[HN Gopher] Effective harnesses for long-running agents
       ___________________________________________________________________
        
       Effective harnesses for long-running agents
        
       Author : diwank
       Score  : 48 points
       Date   : 2025-11-28 19:05 UTC (3 hours ago)
        
 (HTM) web link (www.anthropic.com)
 (TXT) w3m dump (www.anthropic.com)
        
       | dangoodmanUT wrote:
       | > ... the model is less likely to inappropriately change or
       | overwrite JSON files compared to Markdown files.
       | 
       | Very interesting.
        
       | roughly wrote:
       | One of the things that makes it very difficult to have reasonable
       | conversations about what you can do with LLMs is the effort-to-
       | outcome curve is basically exponential - with almost no effort,
       | you can get 70% of the way there. This looks amazing, and so
       | people (mostly executives) look at this and think, "this changes
       | everything!"
       | 
       | The problem is the remaining 30% - the next 10-20% starts to
       | require things like multi-agent judge setups, external memory,
       | context management, and that gets you to something that's
       | probably working but you sure shouldn't ship to production. As to
       | the last 10% - I've seen agentic workflows with hundreds of
       | different agents, multiple models, and fantastically complex
       | evaluation frameworks to try to reduce the error rates past the
       | ~10% mark. By a certain point, the amount of infrastructure and
       | LLM calls are running into several hundred dollars per run, and
       | you're still not getting guaranteed reliable output.
       | 
       | If you know what you're doing and you know where to fit the LLMs
       | (they're genuinely the best system we've ever devised for
       | interpreting and categorizing unstructured human input), they can
       | be immensely useful, but they sing a siren song of simplicity
       | that will lure you to your doom if you believe it.
        
         | morkalork wrote:
         | Just for getting a frame of reference, how many people were
         | involved over how much time building a workflow with hundreds
         | of agents?
        
           | roughly wrote:
           | I've seen a couple solo efforts and a couple teams, but
           | usually a few months. It tends to evolve as a kind of whack-
           | a-mole situation - "we solved that failure
           | case/hallucination, now we're getting this one."
        
         | zephyrthenoble wrote:
         | Yes, it's essentially the Pareto principle [0]. The LLM
         | community has conflated the 80% as difficult complicated work,
         | when it was essentially boilerplate. Allegedly LLMs have saved
         | us from that drudgery, but I personally have found that
         | (without the complicated setups you mention) the 80% done
         | project that gets one shot is in reality more like 50% done
         | because it is built on an unstable foundation, and that final
         | 20% involves a lot of complicated reworking of the code.
         | There's still plenty of value but I think it is less than
         | proponents would want you to believe.
         | 
         | Anecdotally, I have found that even if you type out paragraph
         | after paragraph describing everything you need the agent to
         | take care of, it eventually feels like you could have written a
         | lot of the code yourself with the help of a good IDE by the
         | time you can finally send your prompt off.
         | 
         | - [0] https://en.wikipedia.org/wiki/Pareto_principle
        
           | roughly wrote:
           | Yeah, my mental model at this point is there's two components
           | to building a system: writing the code and understanding the
           | system.

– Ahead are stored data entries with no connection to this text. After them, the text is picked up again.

Lemma greedy_prefix_frequent k : frequent_prefix [] -> frequent_prefix (greedy_prefix k).
Proof.
  intro G0. induction k as [|k IH]; trivial. cbn.
  destruct excluded_middle_informative as [G|G]; trivial.
  destruct (frequent_prefix_extend _ IH); tauto.
Qed.

Lemma greedy_prefix_nth k i :
  (i < k)%nat -> nth i (greedy_prefix k) 0 = nth i (greedy_prefix (S i)) 0.
Proof.
  induction k as [|k IH]; intro H; [lia|].
  destruct (Nat.eq_dec i k) as [->|Ne]; trivial.
  rewrite <- IH by lia. cbn.
  destruct excluded_middle_informative; rewrite app_nth1; trivial;
    rewrite greedy_prefix_length; lia.
Qed.

Lemma cluster_point :
  exists f, forall K M, exists N, (M <= N)%nat /\ forall i, (i < K)%nat -> F N i = f i.
Proof.
  exists (fun i => nth i (greedy_prefix (S i)) 0). intros K M.
  assert (G0 : frequent_prefix []) by (intro M'; exists M'; cbn; split; [lia|intros; lia]).
  destruct (greedy_prefix_frequent K G0 M) as [N [HN HA]].
  exists N. split; trivial. intros i Hi.
  rewrite <- (greedy_prefix_nth K i Hi). apply HA. now rewrite greedy_prefix_length.
Qed.

End ClusterPoint.

Lemma downward_closed_cover (P Q : nat -> Prop) :
  (forall K K', (K' <= K)%nat -> P K -> P K') ->
  (forall K K', (K' <= K)%nat -> Q K -> Q K') ->
  (forall K, P K \/ Q K) -> (forall K, P K) \/ (forall K, Q K).
Proof.
  intros HP HQ HPQ. destruct (classic (forall K, P K)) as [H|H]; [now left|right].
  apply not_all_ex_not in H as [K0 N0]. intro K.
  destruct (HPQ (Nat.max K K0)) as [P1|Q1].
  - exfalso. apply N0, (HP _ _ (Nat.le_max_r K K0) P1).
  - apply (HQ _ _ (Nat.le_max_l K K0) Q1).
Qed.

Section Limit.
Variables (s : addr) (u : nat -> Z) (F : nat -> nat -> Z) (f : nat -> Z).
Hypothesis Hs : s <> AInfty.
Hypothesis F_sym :
  forall N i, (i < N)%nat -> sym_at s (Nat.iter i shift (AInf (F N))) (ISym (u i)).
Hypothesis F_off : forall N i, (i <= N)%nat -> Nat.iter i shift (AInf (F N)) <> s.
Hypothesis f_cluster :
  forall K M, exists N, (M <= N)%nat /\ forall i, (i < K)%nat -> F N i = f i.

Lemma cluster_agree K M n : exists N, (M <= N)%nat /\
  agree K (Nat.iter n shift (AInf (F N))) (Nat.iter n shift (AInf f)).
Proof.
  destruct (f_cluster (K + n) M) as [N [HN HA]]. exists N. split; trivial.
  intros i Hi. rewrite !entry_iter_shift. cbn [entry]. now rewrite HA by lia.
Qed.

(* If the limit lands on [s] at time [m], the approximants land on one side of [s]
   for arbitrarily good approximations, which forces [σ^m u] to be [K^+] or [K^-]. *)
Lemma limit_hits_s_kneading m : (1 <= m)%nat -> Nat.iter m shift (AInf f) = s ->
  exists W, Itin s s (SInf W) /\
    ((forall i, u (i + m)%nat = splus (W i)) \/ (forall i, u (i + m)%nat = sminus (W i))).
Proof.
  intros Hm E.
  set (Y N := Nat.iter m shift (AInf (F N))).
  assert (HY : forall N, Y N <> AInfty) by (intro N; unfold Y; now rewrite iter_shift_AInf).
  assert (HW : forall i, exists e, sym_at s (Nat.iter i shift s) e).
  { intro i. apply sym_at_exists; trivial.
    rewrite <- E, <- Nat.iter_add, iter_shift_AInf. discriminate. }
  destruct (choice _ HW) as [W HWs]. exists W. split; [exact HWs|].
  set (Above K := exists N, (m + K <= N)%nat /\ agree K (Y N) s /\ addr_lt s (Y N)).
  set (Below K := exists N, (m + K <= N)%nat /\ agree K (Y N) s /\ addr_lt (Y N) s).
  assert (Sym : forall N i, (i + m < N)%nat ->
                sym_at s (Nat.iter i shift (Y N)) (ISym (u (i + m)%nat))).
  { intros N i Hi. unfold Y. rewrite <- Nat.iter_add. apply F_sym. exact Hi. }
  destruct (downward_closed_cover Above Below) as [HAbove|HBelow].
  - intros K K' L [N [HN [Ag Lt]]]. exists N. split; [lia|]. split; trivial.
    exact (agree_weaken _ _ _ _ L Ag).
  - intros K K' L [N [HN [Ag Lt]]]. exists N. split; [lia|]. split; trivial.
    exact (agree_weaken _ _ _ _ L Ag).
  - intro K. destruct (cluster_agree K (m + K) m) as [N [HN Ag]]. rewrite E in Ag.
    destruct (addr_lt_trichotomy (Y N) s (HY N) Hs) as [Q|[Q|Q]].
    + now destruct (F_off N m ltac:(lia)).
    + right. exists N. auto.
    + left. exists N. auto.
  - left. intro i. destruct (sym_at_right_nbhd s _ _ Hs (HWs i)) as [B HB].
    destruct (HAbove (i + B + 1)%nat) as [N [HN [Ag L]]].
    apply (HB (Nat.iter i shift (Y N))); [|apply (addr_lt_iter_shift (i + B + 1))|apply Sym];
      trivial; try lia.
    + apply (agree_weaken (i + B + 1 - i)); [lia|]. now apply agree_iter_shift.
    + now apply agree_sym.
  - right. intro i. destruct (sym_at_left_nbhd s _ _ Hs (HWs i)) as [B HB].
    destruct (HBelow (i + B + 1)%nat) as [N [HN [Ag L]]].
    apply (HB (Nat.iter i shift (Y N))); [|apply (addr_lt_iter_shift (i + B + 1))|apply Sym];
      trivial; try lia.
    apply (agree_weaken (i + B + 1 - i)); [lia|]. now apply agree_iter_shift.
Qed.

Lemma limit_itin : (forall m, (1 <= m)%nat -> Nat.iter m shift (AInf f) <> s) ->
  Itin s (AInf f) (SInf (fun n => ISym (u n))).
Proof.
  intros Off n. set (X := Nat.iter n shift (AInf f)).
  assert (HX : X <> AInfty) by (unfold X; now rewrite iter_shift_AInf).
  assert (Nbnd : forall k, acons k s <> X).
  { intros k E. apply (Off (S n)); [lia|].
    rewrite Nat.iter_succ. fold X. now rewrite <- E, shift_acons. }
  assert (Approx : forall K, exists c, agree K c X /\ sym_at s c (ISym (u n))).
  { intro K. destruct (cluster_agree K (S n) n) as [N [HN Ag]].
    exists (Nat.iter n shift (AInf (F N))). split; trivial. apply F_sym. lia. }
  split; [exact HX|]. rewrite !bnd_acons by exact Hs. split.
  - destruct (addr_lt_trichotomy (acons (u n) s) X (acons_not_infty _ _ Hs) HX)
      as [E|[L|L]]; [now destruct (Nbnd _ E)|exact L|exfalso].
    apply (not_lt_of_approx_above (acons (u n) s) X); trivial.
    intro K. destruct (Approx K) as [c [Ac [_ [Lc _]]]]. rewrite bnd_acons in Lc; eauto.
  - destruct (addr_lt_trichotomy X (acons (u n + 1) s) HX (acons_not_infty _ _ Hs))
      as [E|[L|L]]; [now destruct (Nbnd _ (eq_sym E))|exact L|exfalso].
    apply (not_lt_of_approx_below (acons (u n + 1) s) X); trivial.
    intro K. destruct (Approx K) as [c [Ac [_ [_ Uc]]]]. rewrite bnd_acons in Uc; eauto.
Qed.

When you're the one writing the code, you get the
           | understanding at the same time. When you're not, you still
           | need to put in that work to deeply grok the system. You can
           | do it ahead of time while writing the prompts, you can do it
           | while reviewing the code, you can do it while writing the
           | test suite, or you can do it when the system is on fire
           | during an outage, but the work to understand the system can't
           | be outsourced to the LLM.
        
       | slurrpurr wrote:
       | BDSM for LLMs
        
       | CurleighBraces wrote:
       | I wonder how good these agents would be using something like
       | cucumber and behaviour driven development tools?
        
       | _boffin_ wrote:
       | ...it really feels like they're attempting to reinvent a project
       | tracker and starting off from scratch in thinking about it.
       | 
       | It feels like they're a few versions behind what I'm doing, which
       | is... odd.
       | 
       | Self-hosting a plane.io instance. Added a plane MCP tool to my
       | codex. Added workflow instructions into Agents.md which cover
       | standards, documentation, related work, labels, branch names,
       | adding of comments before plan, after plan, at varying steps of
       | implementation, summary before moving ticket to done. Creating
       | new tickers and being able to relate to current or others, etc...
       | 
       | It ain't that hard. Just do inception (high to mid level details)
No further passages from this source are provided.